Ethan ground his teeth. Mikey, nearly a foot taller than most men and weighing close to three hundred pounds,
was
hard to miss. Nevertheless—

Ethan turned, letting his gaze meet that of every person in the room. “You know I treated a sick woman this past week.”

Nods ensued. Small town. Not much went unnoticed. Which had been the trouble. The sheriff had noted that the woman was more shot than sick. Thankfully, no one else had, and that knowledge, along with who she’d been and why she’d been shot, had died with him.

“She and her husband left earlier today for Texas, where they’re from.” And in a different direction from where they were going.

They weren’t husband and wife either, yet the lie tumbled from Ethan’s tongue like Gospel.

“And the big fella?” Sam reminded him.

“His brother.” Not a flicker of his eye betrayed how painful those words were. “He stayed behind to wait for her medicine. I had to mix another batch.”

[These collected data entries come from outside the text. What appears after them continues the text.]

(* Let $P$ be a 6-stack. Then $P$ has a proper retract which (with the induced order) is isomorphic to a tower of sections if and only if $r(P)$ is a multiple of $3$. Consequently, $P$ is minimal automorphic if and only if $r(P)$ is not a multiple of $3$.
   Context: All posets are finite. For a poset $P$ and $p\in P$, the rank $r(p)$ of $p$ is the largest $m$ such that there is a chain $p_0<\dots<p_m=p$ in $P$. $P$ is ranked of rank $r(P)$ if every maximal chain has exactly $r(P)+1$ elements. For $0\le i\le j$, $P(i,j)=\{p\in P:i\le r(p)\le j\}$ (induced order). A subset $Q\subseteq P$ (induced order) is a retract of $P$ if there is an order-preserving $f:P\to Q$ with $f(q)=q$ for all $q\in Q$; it is proper if $Q\neq P$. The 6-crown $C_6$ is the poset on $\{x_0,x_1,x_2,y_0,y_1,y_2\}$ whose only strict comparabilities are $x_0<y_0>x_1<y_1>x_2<y_2>x_0$. A 6-stack is a ranked poset $P$ of rank $n\ge1$ such that $P(i,i+1)\cong C_6$ for each $0\le i<n$. The ordinal sum of posets $P_1,\dots,P_k$ ($k\ge1$) is their disjoint union ordered by the orders of the $P_i$ together with $p<q$ whenever $p\in P_i,q\in P_j,i<j$. A section is either a two-element antichain or a poset on the set $\{[i,k]: 0\le i\le 2,\ 0\le k\le n\}$ (with $3(n+1)$ distinct elements), for some $n\ge 1$, such that: (1) $[i,k]<[i,l]$ whenever $0\le k<l\le n$; (2) for each $k$, $\{[0,k],[1,k],[2,k]\}$ is an antichain; (3) $[i,k]<[j,l]$ implies $[i+1,k]<[j+1,l]$ (first indices mod $3$); (4) for each $0\le k<n$ there are $i,j$ with $[i,k]\not<[j,k+1]$. A tower of sections is an ordinal sum of one or more sections. A poset is automorphic if it has an automorphism with no fixed point; it is minimal automorphic if it is automorphic and no proper retract of it is automorphic. *)

(* Finite posets are represented by a finType T together with
   a strict order relation lt : rel T (irreflexive, transitive). *)
From mathcomp Require Import all_boot.
Set Implicit Arguments. Unset Strict Implicit. Unset Printing Implicit Defensive.

Section PosetDefs.
Variable T : finType.
Variable lt : rel T.

Definition is_spo : Prop :=
  (forall x, ~~ lt x x) /\ (forall x y z, lt x y -> lt y z -> lt x z).

Definition leP (x y : T) : bool := (x == y) || lt x y.

Definition chainb (p : T) (m : nat) : bool :=
  [exists t : (m.+1).-tuple T, sorted lt t && (last p t == p)].

(* r(p) = the largest such m (chains in a finite strict order have
   at most #|T| elements, so m ranges below #|T|.+1) *)
Definition rank (p : T) : nat := \max_(m < #|T|.+1 | chainb p m) m.

Definition is_chain (C : {set T}) : Prop :=
  {in C &, forall x y, leP x y || leP y x}.
Definition is_maxchain (C : {set T}) : Prop :=
  is_chain C /\ forall D : {set T}, is_chain D -> C \subset D -> D = C.

Definition ranked (n : nat) : Prop :=
  forall C : {set T}, is_maxchain C -> #|C| = n.+1.

Definition rank_slice (i j : nat) : {set T} :=
  [set p | (i <= rank p) && (rank p <= j)].

Definition is_retract (Q : {set T}) : Prop :=
  exists f : T -> T,
    (forall x y, leP x y -> leP (f x) (f y)) /\
    (forall x, f x \in Q) /\ {in Q, forall q, f q = q}.

Definition automorphic_on (A : {set T}) : Prop :=
  exists f : T -> T,
    {in A, forall x, f x \in A} /\
    {in A &, injective f} /\
    {in A, forall y, exists2 x, x \in A & f x = y} /\
    {in A &, forall x y, lt x y = lt (f x) (f y)} /\
    {in A, forall x, f x != x}.

Definition automorphic : Prop := automorphic_on [set: T].

Definition minimal_automorphic : Prop :=
  automorphic /\
  forall Q : {set T}, Q != [set: T] -> is_retract Q -> ~ automorphic_on Q.

End PosetDefs.

Definition iso_on (T S : finType) (lt : rel T) (A : {set T}) (ltS : rel S) : Prop :=
  exists f : T -> S,
    {in A &, injective f} /\
    (forall s, exists2 x, x \in A & f x = s) /\
    {in A &, forall x y, lt x y = ltS (f x) (f y)}.

(* The 6-crown on 'I_3 * bool: (i,false) = x_i, (i,true) = y_i;
   x_j < y_i iff j = i or j = i+1 (mod 3). *)
Definition c6_lt (a b : 'I_3 * bool) : bool :=
  ~~ a.2 && b.2 && ((a.1 == b.1) || (val a.1 == (val b.1).+1 %% 3)).

Definition six_stack (T : finType) (lt : rel T) (n : nat) : Prop :=
  ranked lt n /\ 1 <= n /\
  forall i, i < n -> iso_on lt (rank_slice lt i i.+1) c6_lt.

(* sections: either a two-element antichain, or a poset on
   {[i,k] : 0<=i<=2, 0<=k<=n} (labelled bijectively by g) with (1)-(4) *)
Definition is_section (S : finType) (lt : rel S) : Prop :=
  is_spo lt /\
  ((#|S| = 2 /\ forall x y, ~~ lt x y) \/
   exists n, 1 <= n /\
   exists g : 'I_3 * 'I_n.+1 -> S,
     bijective g /\
     (forall (i : 'I_3) (k l : 'I_n.+1), k < l -> lt (g (i, k)) (g (i, l))) /\
     (forall (k : 'I_n.+1) (i j : 'I_3), ~~ lt (g (i, k)) (g (j, k))) /\
     (forall (i j : 'I_3) (k l : 'I_n.+1),
        lt (g (i, k)) (g (j, l)) -> lt (g (ordS i, k)) (g (ordS j, l))) /\
     (forall k : 'I_n, exists i j : 'I_3,
        ~~ lt (g (i, widen_ord (leqnSn n) k)) (g (j, lift ord0 k)))).

Definition ordsum_lt (k : nat) (S : 'I_k -> finType) (lts : forall i, rel (S i))
    (a b : {i : 'I_k & S i}) : bool :=
  (tag a < tag b) || ((tag b == tag a) && lts (tag a) (tagged a) (tagged_as a b)).

Definition iso_tower_of_sections (T : finType) (lt : rel T) (A : {set T}) : Prop :=
  exists k : nat, 1 <= k /\
  exists (S : 'I_k -> finType) (lts : forall i, rel (S i)),
    (forall i, is_section (lts i)) /\ iso_on lt A (ordsum_lt lts).

From Pilot Require Import Defs.
From mathcomp Require Import all_boot perm zify.
Set Implicit Arguments. Unset Strict Implicit. Unset Printing Implicit Defensive.

(* A 6-stack of rank n is isomorphic to the poset on [0,2] x [0,n] where
   (a,i) < (b,j) iff j >= i + 2, or j = i + 1 and a <> b: two consecutive ranks
   form a crown, in which each upper element misses exactly one lower element,
   and the colour of an element is read off at rank 0 by repeatedly passing to
   the missed element.  Rotating the colours is a fixed-point-free automorphism.
   If 3 divides n, keeping colours 0, 1 on the ranks divisible by 3 and colour 2
   on the other ranks gives a proper retract which is an ordinal sum of
   two-element antichains.  Conversely, a retraction followed by a
   fixed-point-free automorphism of the retract is a fixed-point-free
   order-preserving map h of the whole stack.  Such an h moves an element inside
   its rank or to the same colour one rank up or down, and order preservation
   between consecutive ranks makes the moves of successive ranks a finite
   automaton; running it from the bottom and from the top shows that, when 3
   does not divide n, h rotates every rank, so it is onto and the retract is
   the whole stack.  Towers of sections are automorphic by rotating or swapping
   each section, which gives both equivalences. *)

(** * Ranks *)

Section Rank.
Variables (T : finType) (lt : rel T).
Hypothesis lt_irr : irreflexive lt.
Hypothesis lt_trans : transitive lt.

Lemma chainbP p m :
  reflect (exists2 s : seq T, size s = m & sorted lt (rcons s p)) (chainb lt p m).
Proof.
apply: (iffP existsP) => [[t /andP[st /eqP tp]]|[s sz ss]].
  move: (size_tuple t) st tp; case/lastP: (tval t) => [|s z] //=.
  by rewrite last_rcons size_rcons => -[sz] ss zp; subst z; exists s.
have szt : size (rcons s p) == m.+1 by rewrite size_rcons sz.
by exists (Tuple szt); rewrite /= ss last_rcons eqxx.
Qed.

Lemma sorted_size_le_card (s : seq T) : sorted lt s -> size s <= #|T|.
Proof.
move=> ss; have /card_uniqP <- : uniq s by apply: sorted_uniq ss.
exact: max_card.
Qed.

Lemma chainb_le_rank p m : chainb lt p m -> m <= rank lt p.
Proof.
move=> c; have m_lt : m < #|T|.+1.
  case/chainbP: c => s sz /sorted_size_le_card; rewrite size_rcons sz; lia.
exact: (@leq_bigmax_cond _ (fun i : 'I_#|T|.+1 => chainb lt p i) val (Ordinal m_lt)).
Qed.

Lemma rank_chain p :
  exists2 s : seq T, size s = rank lt p & sorted lt (rcons s p).
Proof.
apply/chainbP; have : 0 < #|(fun i : 'I_#|T|.+1 => chainb lt p i)|.
  by apply/card_gt0P; exists ord0; rewrite /in_mem /=; apply/chainbP; exists [::].
by case/(eq_bigmax_cond val) => i ci; rewrite /rank => ->.
Qed.

Lemma rank_lt x y : lt x y -> rank lt x < rank lt y.
Proof.
move=> xy; have [s sz ss] := rank_chain x; apply: chainb_le_rank; apply/chainbP.
exists (rcons s x); first by rewrite size_rcons sz.
case: s ss {sz} => [|a s] /=; first by rewrite xy.
by rewrite !rcons_path => -> /=; rewrite last_rcons xy.
Qed.

Lemma rank_pred y : 0 < rank lt y ->
  exists2 z, lt z y & rank lt z = (rank lt y).-1.
Proof.
have [s sz ss] := rank_chain y; case/lastP: s sz ss => [<- //|s z].
rewrite size_rcons => sz ss _.
have zs : sorted lt (rcons s z) by move: ss; rewrite -cats1 => /cat_sorted2[].
have zy : lt z y.
  by move: ss; rewrite -!cats1 -catA => /cat_sorted2[_] /= /andP[].
exists z => //; apply/eqP; rewrite eqn_leq -sz /= chainb_le_rank ?andbT.
  by have := rank_lt zy; rewrite -sz; lia.
by apply/chainbP; exists s.
Qed.

Definition is_chainb (D : {set T}) : bool :=
  [forall y in D, forall z in D, Defs.leP lt y z || Defs.leP lt z y].

Lemma is_chainP (D : {set T}) : reflect (is_chain lt D) (is_chainb D).
Proof.
apply: (iffP forall_inP) => [cD y z yD zD|cD y yD]; first exact: (forall_inP (cD y yD)) z zD.
by apply/forall_inP => z zD; apply: cD.
Qed.

Lemma sorted_is_chain s : sorted lt s -> is_chain lt [set z in s].
Proof.
rewrite sorted_pairwise // => ps y z; rewrite !inE; elim: s ps => //= a s IH /andP[/allP as_ ps].
rewrite !inE /Defs.leP => /orP[/eqP->|ys] /orP[/eqP->|zs].
- by rewrite eqxx.
- by rewrite as_ ?orbT.
- by rewrite as_ ?orbT.
- exact: IH.
Qed.

Lemma chain_sub_maxchain C : is_chain lt C -> exists2 D, is_maxchain lt D & C \subset D.
Proof.
move=> /is_chainP cC; have CC : is_chainb C && (C \subset C) by rewrite cC subxx.
have [D /andP[/is_chainP cD CD] Dmax] :=
  @arg_maxnP _ C (fun D => is_chainb D && (C \subset D)) (fun D => #|D|) CC.
exists D => //; split=> // E cE DE; apply/eqP; rewrite eq_sym eqEcard DE /=.
by apply: Dmax; rewrite (subset_trans CD DE) andbT; apply/is_chainP.
Qed.

Lemma ranked_rank_le n : ranked lt n -> forall x, rank lt x <= n.
Proof.
move=> rkd x; have [s sz ss] := rank_chain x.
have [D mD sD] := chain_sub_maxchain (sorted_is_chain ss).
have := subset_leq_card sD; rewrite (rkd D mD) cardsE.
by rewrite (card_uniqP (sorted_uniq lt_trans lt_irr ss)) size_rcons sz.
Qed.

End Rank.

(** * Coordinates on a 6-stack *)

Lemma ordS3K (c : 'I_3) : ordS (ordS (ordS c)) = c.
Proof. by apply/val_inj; case: c => [[|[|[|]]] ?]. Qed.

Lemma ordS3_neq (c : 'I_3) : ordS c != c.
Proof. by case: c => [[|[|[|]]] ?]. Qed.

Lemma ordS3_inj : injective (@ordS 3).
Proof. by move=> a b e; rewrite -(ordS3K a) -(ordS3K b) e. Qed.

Lemma ord3_avoid (a b : 'I_3) : exists2 c : 'I_3, c != a & c != b.
Proof.
case: a => [[|[|[|]]] ?] //; case: b => [[|[|[|]]] ?] //;
  first [by exists ord0 | by exists (@Ordinal 3 1 isT) | by exists ord_max].
Qed.

Lemma c6_lt_level a b : c6_lt a b -> (a.2, b.2) = (false, true).
Proof. by case: a b => [? [] ] [? [] ]. Qed.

Heads continued to nod. Ethan began to relax. His talent at creating believable untruths held.

“How come he ran
in
here when the sheriff fell down?” Sam asked.

“Wouldn’t you?”

Sam blinked. “Huh?”

“If you were sitting outside and heard glass breaking upstairs, wouldn’t you hurry in?”

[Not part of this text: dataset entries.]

Lemma bernoulli_lower h N : 0 <= h <= 1 -> 1 - INR N * h <= (1 - h) ^ N.
Proof.
  intros Hh. induction N. simpl; lra.
  rewrite S_INR. simpl pow. assert (0 <= (1 - h) ^ N) by (apply pow_le; lra).
  destruct (Rle_dec (1 - (INR N + 1) * h) 0). nra.
  assert (0 <= 1 - INR N * h) by lra.
  assert (0 <= (1 - h) * ((1 - h) ^ N - (1 - INR N * h))) by (apply Rmult_le_pos; lra).
  assert (0 <= INR N * h * h) by (apply Rmult_le_pos; [apply Rmult_le_pos; [apply pos_INR|lra]|lra]).
  nra.
Qed.

Lemma PSeries_coeffs_continuous M a x :
  in_Omega M a -> 0 < x < 1 -> continuity_pt (PSeries (coeffs a)) x.
Proof.
  intros Ha Hx. apply PSeries_continuity.
  set (r := (1 + x) / 2).
  assert (Hr : Rbar_le r (CV_radius (coeffs a))).
  { apply (proj1 (CV_radius_bounded (coeffs a))). exists (INR M). intros n.
    rewrite Rabs_mult. assert (Rabs (coeffs a n) <= INR M).
    { destruct n; simpl. rewrite Rabs_R0. apply pos_INR. rewrite Rabs_pos_eq by apply pos_INR.
      apply le_INR, Ha. }
    assert (Rabs (r ^ n) <= 1).
    { rewrite <- RPow_abs. rewrite Rabs_pos_eq by (unfold r; lra). apply pow_le1. unfold r; lra. }
    assert (0 <= Rabs (r ^ n)) by apply Rabs_pos. assert (0 <= Rabs (coeffs a n)) by apply Rabs_pos.
    nra. }
  apply Rbar_lt_le_trans with (y := Finite r); auto. simpl. rewrite Rabs_pos_eq by lra. unfold r; lra.
Qed.

Lemma value_le1_at_top M a : (1 <= M)%nat -> in_Omega M a -> value a (INR M + 1) <= 1.
Proof.
  intros HM Ha. assert (HM1 : 1 <= INR M) by (apply (le_INR 1); exact HM).
  destruct (value_bounds M a (INR M + 1) Ha ltac:(lra)) as [_ B].
  replace (INR M + 1 - 1) with (INR M) in B by ring. unfold Rdiv in B. rewrite Rinv_r in B; lra.
Qed.

(* Two nonzero digits among the first N, each contributing at least
   x ^ N >= 1 - N (1 - x) = 3/4 (Bernoulli), for x = 1 - 1/(4N). *)
Lemma value_ge1_near_1 M a : in_Omega M a -> not_end_zero a ->
  exists x, 3/4 <= x < 1 /\ 1 <= value a (/ x).
Proof.
  intros Ha Hnz.
  destruct (Hnz 0%nat) as [i1 [_ Hi1]]. destruct (Hnz (S i1)) as [i2 [Hi2 Hi2']].
  set (N := S i2). set (h := / (4 * INR N)). set (x := 1 - h).
  assert (HN : 1 <= INR N) by (unfold N; rewrite S_INR; pose proof (pos_INR i2); lra).
  assert (Hh : 0 < h <= 1/4).
  { unfold h. split; [apply Rinv_0_lt_compat; lra|].
    unfold Rdiv. rewrite Rmult_1_l. apply Rinv_le_contravar; lra. }
  exists x. split; [unfold x; lra|]. set (q := / x).
  assert (Hq : 1 < q) by (unfold q; rewrite <- Rinv_1; apply Rinv_lt_contravar; unfold x; lra).
  assert (T : forall i, a i <> 0%nat -> (i < N)%nat -> term a q i >= 3/4).
  { intros i Hai HiN. unfold term, Rdiv, q. rewrite pow_inv, Rinv_inv.
    assert (1 <= INR (a i)) by (apply (le_INR 1); lia).
    assert (x ^ N <= x ^ S i) by (apply pow_le1_decr; unfold x; lra || lia).
    assert (1 - INR N * h <= x ^ N) by (apply bernoulli_lower; lra).
    assert (INR N * h = 1/4) by (unfold h; field; lra).
    assert (0 <= x ^ S i) by (apply pow_le; unfold x; lra). nra. }
  assert (P := partial_sum_le_lim _ _ (fun i => term_nonneg a q i ltac:(lra)) (value_sum M a q Ha Hq) i2).
  assert (P' : value a q >= psum a q (S i2)) by (rewrite <- sum_f_psum; lra).
  pose proof (psum_ge_term a q (S i1) i2 ltac:(lra) Hi2).
  pose proof (psum_nonneg a q i1 ltac:(lra)).
  pose proof (T i1 Hi1 ltac:(unfold N; lia)). pose proof (T i2 Hi2' ltac:(unfold N; lia)).
  simpl psum in *. lra.
Qed.

Lemma value_one_exists M a : (1 <= M)%nat -> in_Omega M a -> not_end_zero a ->
  exists q, 1 < q <= INR M + 1 /\ value a q = 1.
Proof.
  intros HM Ha Hnz.
  assert (HM1 : 2 <= INR M + 1) by (apply le_INR in HM; simpl in HM; lra).
  set (lo := / (INR M + 1)).
  assert (Hlo : 0 < lo <= 1/2).
  { unfold lo. split; [apply Rinv_0_lt_compat; lra|].
    unfold Rdiv. rewrite Rmult_1_l. apply Rinv_le_contravar; lra. }
  destruct (value_ge1_near_1 M a Ha Hnz) as [x0 [Hx0 Fx0]].
  rewrite <- (PSeries_coeffs_value M) in Fx0 by (auto; lra).
  assert (Flo : PSeries (coeffs a) lo <= 1).
  { rewrite (PSeries_coeffs_value M) by (auto; lra). unfold lo; rewrite Rinv_inv.
    apply value_le1_at_top; auto. }
  destruct (Ranalysis5.f_interv_is_interv (PSeries (coeffs a)) lo x0 1 ltac:(lra) ltac:(lra))
    as [x [Hx Fx]].
  { intros x Hx. apply (PSeries_coeffs_continuous M); auto; lra. }
  exists (/ x). split.
  - split; [rewrite <- Rinv_1; apply Rinv_lt_contravar; lra|].
    replace (INR M + 1) with (/ lo) by (unfold lo; rewrite Rinv_inv; auto).
    apply Rinv_le_contravar; lra.
  - rewrite <- (PSeries_coeffs_value M) by (auto; lra). exact Fx.
Qed.

Lemma Vseq_alpha_exists M a : (1 <= M)%nat -> in_Omega M a -> in_Vseq M a ->
  exists q, 1 < q <= INR M + 1 /\ alpha M q = a.
Proof.
  intros HM Ha HV. assert (Hnz := Vseq_not_end_zero M a HM Ha HV).
  destruct (value_one_exists M a HM Ha Hnz) as [q [Hq Hv]].
  exists q; split; auto. apply quasi_greedy_alpha; auto. apply parry_quasi_greedy; auto. lra.
  intros n; apply HV.
Qed.


(** * Transfer to bases *)

Lemma alpha_Omega M q : 1 < q <= INR M + 1 -> in_Omega M (alpha M q).
Proof. intros H. apply (alpha_quasi_greedy M q H). Qed.

Lemma alpha_lt_iff M q1 q2 : 1 < q1 <= INR M + 1 -> 1 < q2 <= INR M + 1 ->
  (q1 < q2 <-> lex_lt (alpha M q1) (alpha M q2)).
Proof.
  intros H1 H2. split; intros H.
  - apply alpha_increasing; lra.
  - destruct (Rtotal_order q1 q2) as [|[E|E]]; auto.
    + subst. exfalso; eapply lex_lt_irrefl; eauto.
    + exfalso. assert (lex_lt (alpha M q2) (alpha M q1)) by (apply alpha_increasing; lra).
      apply (lex_lt_irrefl (alpha M q1)). eapply lex_lt_trans; eauto.
Qed.

Lemma alpha_le_iff M q1 q2 : 1 < q1 <= INR M + 1 -> 1 < q2 <= INR M + 1 ->
  (q1 <= q2 <-> lex_le (alpha M q1) (alpha M q2)).
Proof.
  intros H1 H2. split; intros H.
  - destruct H as [H|H]. left; apply alpha_increasing; lra. subst; apply lex_le_refl.
  - apply Rnot_lt_le. intros H'. apply (alpha_lt_iff M q2 q1 H2 H1) in H'. eapply lex_lt_not_le; eauto.
Qed.

Lemma alpha_inj M q1 q2 :
  1 < q1 <= INR M + 1 -> 1 < q2 <= INR M + 1 -> alpha M q1 = alpha M q2 -> q1 = q2.
Proof.
  intros H1 H2 E.
  apply Rle_antisym; [apply (alpha_le_iff M q1 q2 H1 H2)|apply (alpha_le_iff M q2 q1 H2 H1)];
    rewrite E; apply lex_le_refl.
Qed.

Lemma base_of_spec M a : (1 <= M)%nat -> in_Omega M a -> in_Vseq M a ->
  1 < base_of M a <= INR M + 1 /\ alpha M (base_of M a) = a.
Proof.
  intros HM Ha HV. unfold base_of.
  assert (Ex : exists q, 1 < q <= INR M + 1 /\ forall i, alpha M q i = a i).
  { destruct (Vseq_alpha_exists M a HM Ha HV) as [q [Hq E]]. exists q; split; auto. rewrite E; auto. }
  destruct (epsilon_spec (inhabits 0) _ Ex) as [H1 H2]. split; auto.
  apply functional_extensionality; auto.
Qed.

Lemma base_of_alpha M q : (1 <= M)%nat -> in_V M q -> base_of M (alpha M q) = q.
Proof.
  intros HM [Hq HV]. destruct (base_of_spec M _ HM (alpha_Omega M q Hq) HV) as [Hb Eb].
  exact (alpha_inj M _ _ Hb Hq Eb).
Qed.

Definition in_Vseq_star (y : seqn) : Prop := binary y /\ y 0%nat = 1%nat /\ in_Vseq 1 y.

Lemma base_of1_spec y : in_Vseq_star y -> in_V 1 (base_of 1 y) /\ alpha 1 (base_of 1 y) = y.
Proof.
  intros [Hy [_ HV]]. destruct (base_of_spec 1 y (le_n 1) Hy HV) as [Hb Eb].
  split; [split; [exact Hb|rewrite Eb; exact HV]|exact Eb].
Qed.

Lemma alpha1_Vseq_star p : in_V 1 p -> in_Vseq_star (alpha 1 p).
Proof.
  intros [Hp HV]. assert (Hb : binary (alpha 1 p)) by exact (alpha_Omega 1 p Hp).
  split; [exact Hb|split; [|exact HV]].
  destruct (HV 0%nat) as [A _]. apply lex_le_head in A.
  unfold bar_seq, shift in A. rewrite Nat.add_0_r in A. pose proof (Hb 0%nat). lia.
Qed.

Lemma Psi_Omega_Vseq M y : (1 <= M)%nat -> in_Vseq_star y ->
  in_Omega M (Psi M y) /\ in_Vseq M (Psi M y).
Proof.
  intros HM [Hy [Hy0 HV]]. split; [apply Psi_from_Omega; auto|apply Psi_Vseq_iff; auto].
Qed.

Lemma base_of_Psi_spec M y : (1 <= M)%nat -> in_Vseq_star y ->
  1 < base_of M (Psi M y) <= INR M + 1 /\ alpha M (base_of M (Psi M y)) = Psi M y.
Proof.
  intros HM Hy. destruct (Psi_Omega_Vseq M y HM Hy). apply base_of_spec; auto.
Qed.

Sam opened his mouth, closed it again, scowled. “I saw that other feller, the husband, run in too.”

“You must be mistaken. He left before sundown, along with his wife.” Ethan shrugged. “When tragedies happen, it’s difficult to remember the circumstances surrounding them.” He bowed his head. “I found this was often the case during the war.” He’d also found that bringing up the war turned attention away from…pretty much anything.

“You callin’ me a liar?”

Ethan should have known that Sam would not be easily distracted. “I was under the impression you were calling me one.”